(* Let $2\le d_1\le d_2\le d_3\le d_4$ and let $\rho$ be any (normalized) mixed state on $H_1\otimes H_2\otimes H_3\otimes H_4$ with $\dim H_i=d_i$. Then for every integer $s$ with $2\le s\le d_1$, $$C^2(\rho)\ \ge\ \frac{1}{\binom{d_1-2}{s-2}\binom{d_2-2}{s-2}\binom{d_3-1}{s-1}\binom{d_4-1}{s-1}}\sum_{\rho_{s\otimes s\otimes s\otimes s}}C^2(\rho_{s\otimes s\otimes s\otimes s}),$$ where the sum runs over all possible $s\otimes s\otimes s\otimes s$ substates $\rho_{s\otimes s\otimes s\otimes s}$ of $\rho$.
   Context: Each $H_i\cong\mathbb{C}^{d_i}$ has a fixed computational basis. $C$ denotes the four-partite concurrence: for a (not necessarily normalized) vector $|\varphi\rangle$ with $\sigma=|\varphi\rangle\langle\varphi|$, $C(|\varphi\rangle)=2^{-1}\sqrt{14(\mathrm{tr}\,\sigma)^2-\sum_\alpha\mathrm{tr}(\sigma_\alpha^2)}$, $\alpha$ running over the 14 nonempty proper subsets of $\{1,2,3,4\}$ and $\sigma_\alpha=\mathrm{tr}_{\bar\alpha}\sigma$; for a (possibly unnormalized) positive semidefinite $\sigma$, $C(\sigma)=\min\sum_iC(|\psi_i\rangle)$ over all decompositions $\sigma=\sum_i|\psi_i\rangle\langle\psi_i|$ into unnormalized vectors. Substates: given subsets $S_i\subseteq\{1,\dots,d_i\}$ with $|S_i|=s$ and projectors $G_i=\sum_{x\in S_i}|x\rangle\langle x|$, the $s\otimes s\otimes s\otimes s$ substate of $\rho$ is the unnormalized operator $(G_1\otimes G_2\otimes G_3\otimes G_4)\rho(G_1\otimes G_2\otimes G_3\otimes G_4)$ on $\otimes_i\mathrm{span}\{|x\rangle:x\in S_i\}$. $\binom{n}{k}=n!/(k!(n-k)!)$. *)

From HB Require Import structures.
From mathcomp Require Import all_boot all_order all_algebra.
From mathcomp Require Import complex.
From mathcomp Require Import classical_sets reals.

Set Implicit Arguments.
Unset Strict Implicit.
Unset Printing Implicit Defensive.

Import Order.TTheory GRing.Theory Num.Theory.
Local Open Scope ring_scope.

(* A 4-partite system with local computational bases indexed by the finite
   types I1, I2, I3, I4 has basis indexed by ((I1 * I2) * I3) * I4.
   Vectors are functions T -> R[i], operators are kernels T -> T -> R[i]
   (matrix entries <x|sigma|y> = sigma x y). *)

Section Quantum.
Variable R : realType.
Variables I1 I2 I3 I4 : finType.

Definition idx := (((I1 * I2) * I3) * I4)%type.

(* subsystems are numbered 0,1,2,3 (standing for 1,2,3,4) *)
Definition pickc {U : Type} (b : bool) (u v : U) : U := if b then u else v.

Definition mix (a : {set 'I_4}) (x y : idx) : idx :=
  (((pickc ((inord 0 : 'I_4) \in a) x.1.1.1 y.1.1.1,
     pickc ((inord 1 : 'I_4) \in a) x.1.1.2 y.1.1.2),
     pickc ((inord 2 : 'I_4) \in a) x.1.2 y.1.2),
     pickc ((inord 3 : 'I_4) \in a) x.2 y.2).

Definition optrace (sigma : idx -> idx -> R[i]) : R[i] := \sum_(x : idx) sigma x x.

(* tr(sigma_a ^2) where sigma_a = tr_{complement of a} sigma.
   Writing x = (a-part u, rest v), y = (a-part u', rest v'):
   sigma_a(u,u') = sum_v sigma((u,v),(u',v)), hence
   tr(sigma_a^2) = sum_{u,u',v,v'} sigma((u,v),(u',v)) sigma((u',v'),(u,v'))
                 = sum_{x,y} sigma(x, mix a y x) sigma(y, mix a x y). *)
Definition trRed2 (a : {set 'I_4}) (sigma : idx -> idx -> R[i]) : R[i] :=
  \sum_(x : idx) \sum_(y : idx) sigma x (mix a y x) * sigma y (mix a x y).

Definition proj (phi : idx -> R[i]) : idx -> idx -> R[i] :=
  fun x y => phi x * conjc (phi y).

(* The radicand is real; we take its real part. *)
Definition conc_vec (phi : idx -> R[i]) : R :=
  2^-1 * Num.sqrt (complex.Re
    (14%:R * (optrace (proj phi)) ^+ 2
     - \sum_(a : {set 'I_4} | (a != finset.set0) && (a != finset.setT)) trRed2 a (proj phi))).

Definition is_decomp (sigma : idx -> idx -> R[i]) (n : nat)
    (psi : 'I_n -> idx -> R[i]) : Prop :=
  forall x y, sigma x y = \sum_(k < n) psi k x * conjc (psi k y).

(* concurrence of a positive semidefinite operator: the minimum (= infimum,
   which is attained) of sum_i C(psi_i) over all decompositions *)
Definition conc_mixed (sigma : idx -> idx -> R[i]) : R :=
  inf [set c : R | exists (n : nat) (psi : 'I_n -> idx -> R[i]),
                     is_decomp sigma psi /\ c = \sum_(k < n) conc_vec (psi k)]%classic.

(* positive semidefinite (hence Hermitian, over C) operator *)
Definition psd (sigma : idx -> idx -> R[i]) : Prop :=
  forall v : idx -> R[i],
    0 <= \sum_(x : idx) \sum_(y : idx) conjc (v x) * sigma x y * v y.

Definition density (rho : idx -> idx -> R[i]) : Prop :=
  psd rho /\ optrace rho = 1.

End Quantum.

********************

* **Exercise brief**
Only the number is needed here: how many lines in the data contain "Require"?

* **Task solution**
4